改正案:http://www.mhlw.go.jp/topics/bukyoku/soumu/houritu/dl/183-45.pdf

新法:http://www.mhlw.go.jp/topics/bukyoku/soumu/houritu/dl/183-49.pdf

改正案に関しては問題点が非常に多く、与野党での修正協議もおこなわれました。

しかし、修正されたのはほんの一部のみで、一番の問題点である「扶養義務の拡大や強化」に関しては、修正されず原案のままです。

またその他にも、後発医薬品の原則義務化(34条3項)、生活上の責務の規定(60条)、返還金の徴収金額の上乗せや事実上の天引き(78条)、罰則規定の強 化(85条及び86条)、廃止理由の緩和(28条5項)などの、大きな問題点が何ら言及されることなく、成立してしまいます。

この改正案は、本来生活保護を必要とする人に申請をためらわせてしまったり、委縮効果を与え、スティグマ性(制度利用を恥だと思わせてしまうこと)を高めてしまいます。

また、新法に関しては、そもそも修正協議の俎上にものぼりませんでした。
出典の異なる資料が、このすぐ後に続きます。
(* If dx = 0 then Delta x is d-closed (d and Delta anticommute), Delta-closed
   and Delta-exact, so the dDelta-condition puts it in Im Delta d:
   Delta x = Delta d w, and x - d w is a Delta-closed representative of the
   class of x.
   Semi-classicality in turn lets one split Ker d = S (+) Im d in each
   degree with S inside Ker Delta; choosing also A = Ker d (+) W (complements
   come from Zorn's lemma, the A n being possibly infinite dimensional),
   H := S, p := the projection onto S along Im d (+) W, i := the inclusion and
   h := the inverse of d : W -> Im d after the projection onto Im d form a
   deformation retract. As i lands in Ker Delta, every p (Delta h)^(m-1) Delta i
   vanishes. *)

From HB Require Import structures.
From mathcomp Require Import all_boot all_order all_algebra.
From mathcomp Require Import boolp classical_sets zify.
Set Implicit Arguments. Unset Strict Implicit. Unset Printing Implicit Defensive.
Import GRing.Theory.
Local Open Scope ring_scope.
Local Open Scope classical_set_scope.

Section Subspaces.
Variables (K : fieldType) (V : lmodType K).
Implicit Types (X Y : set V) (u v x y : V).

Definition subspace X := X 0 /\ forall a x y, X x -> X y -> X (a *: x + y).

Definition sumset X Y := [set x + y | x in X & y in Y].

Definition direct_sum X Y :=
  [/\ subspace X, subspace Y, X `&` Y `<=` [set 0] & forall v, sumset X Y v].

Section SubspaceTheory.
Variables (X : set V) (HX : subspace X).

Lemma subspaceD x y : X x -> X y -> X (x + y).
Proof. by move=> Xx Xy; have := HX.2 1 x y Xx Xy; rewrite scale1r. Qed.

Lemma subspaceZ a x : X x -> X (a *: x).
Proof. by move=> Xx; have := HX.2 a x 0 Xx HX.1; rewrite addr0. Qed.

Lemma subspaceN x : X x -> X (- x).
Proof. by move=> Xx; rewrite -scaleN1r; exact: subspaceZ. Qed.

Lemma subspaceB x y : X x -> X y -> X (x - y).
Proof. by move=> Xx Xy; apply: subspaceD => //; exact: subspaceN. Qed.

End SubspaceTheory.

Lemma subspaceI X Y : subspace X -> subspace Y -> subspace (X `&` Y).
Proof.
move=> HX HY; split; first by split; [exact: HX.1 | exact: HY.1].
by move=> a u v [Xu Yu] [Xv Yv]; split; [exact: HX.2 | exact: HY.2].
Qed.

Lemma subspace_sumset X Y : subspace X -> subspace Y -> subspace (sumset X Y).
Proof.
move=> HX HY; split.
  by exists 0; [exact: HX.1 | exists 0; [exact: HY.1 | rewrite addr0]].
move=> a _ _ [x1 X1 [y1 Y1 <-]] [x2 X2 [y2 Y2 <-]].
exists (a *: x1 + x2); first exact: HX.2.
by exists (a *: y1 + y2); [exact: HY.2 | rewrite scalerDr addrACA].
Qed.

Lemma sumsetC X Y : sumset X Y = sumset Y X.
Proof.
by apply/seteqP; split=> _ [x Xx [y Yy <-]]; exists y => //; exists x => //; rewrite addrC.
Qed.

(* Zorn's lemma is applied to sets closed under [a *: x + y] rather than to
   subspaces, because the union of the empty chain is empty. *)
Lemma exists_complement X : subspace X -> exists Y, direct_sum X Y.
Proof.
move=> HX.
pose closed Y := forall a x y, Y x -> Y y -> Y (a *: x + y).
pose P Y := closed Y /\ X `&` Y `<=` [set 0].
have [Y [[clY XY0] Ymax]] : exists Y, P Y /\ forall Y', Y `<` Y' -> ~ P Y'.
  apply: Zorn_bigcup => F FP Ftot; split.
    move=> a x y [Y1 FY1 Y1x] [Y2 FY2 Y2y].
    have [Y12|Y21] := Ftot _ _ FY1 FY2.
    - by exists Y2 => //; apply: (FP _ FY2).1 => //; exact: Y12.
    - by exists Y1 => //; apply: (FP _ FY1).1 => //; exact: Y21.
  by move=> x [Xx [Y' FY' Y'x]]; apply: (FP _ FY').2.
have Y0 : Y 0.
  have [[y Yy]|noY] := pselect (exists y, Y y).
    by have := clY (-1) y y Yy Yy; rewrite scaleN1r addNr.
  exfalso; apply: (Ymax [set 0]).
  - split=> [y Yy|sub0]; first by exfalso; apply: noY; exists y.
    by apply: noY; exists 0; apply: sub0.
  - by split=> [a _ _ -> ->|x [_ ->]]; rewrite ?scaler0 ?addr0.
exists Y; split=> // v; apply: contrapT => Nv.
have Nyv : ~ Y v.
  by move=> Yv; apply: Nv; exists 0; [exact: HX.1 | exists v; rewrite ?add0r].
apply: (Ymax [set y + c *: v | y in Y & c in [set: K]]).
  split; first by move=> y Yy; exists y => //; exists 0 => //; rewrite scale0r addr0.
  by move=> /(_ v) Y'v; apply/Nyv/Y'v; exists 0 => //; exists 1; rewrite ?scale1r ?add0r.
split.
  move=> a _ _ [y1 Y1 [c1 _ <-]] [y2 Y2 [c2 _ <-]].
  exists (a *: y1 + y2); first exact: clY.
  by exists (a * c1 + c2) => //; rewrite scalerDr scalerDl scalerA addrACA.
move=> x [Xx [y Yy [c _ ex]]].
have [c0|c0] := eqVneq c 0.
  by apply: XY0; split=> //; rewrite -ex c0 scale0r addr0.
exfalso; apply: Nv; exists (c^-1 *: x); first exact: subspaceZ.
exists (- (c^-1 *: y)); first by apply: subspaceN => //; exact: subspaceZ.
by rewrite -ex scalerDr scalerA mulVf // scale1r addrAC subrr add0r.
Qed.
新法は生活困窮者が生活保護利用にいたらないように、その手前にセーフティネットを作ることを目的としていて、改正案と合わせて生活困窮者支援の体系化を目指すものです。

しかし、新法が提唱する「自立支援」は就労ベースに依拠したもので、さまざまな要因によって生活困窮された方の、個別の状況に応じたセーフティネットとは言い難いものです。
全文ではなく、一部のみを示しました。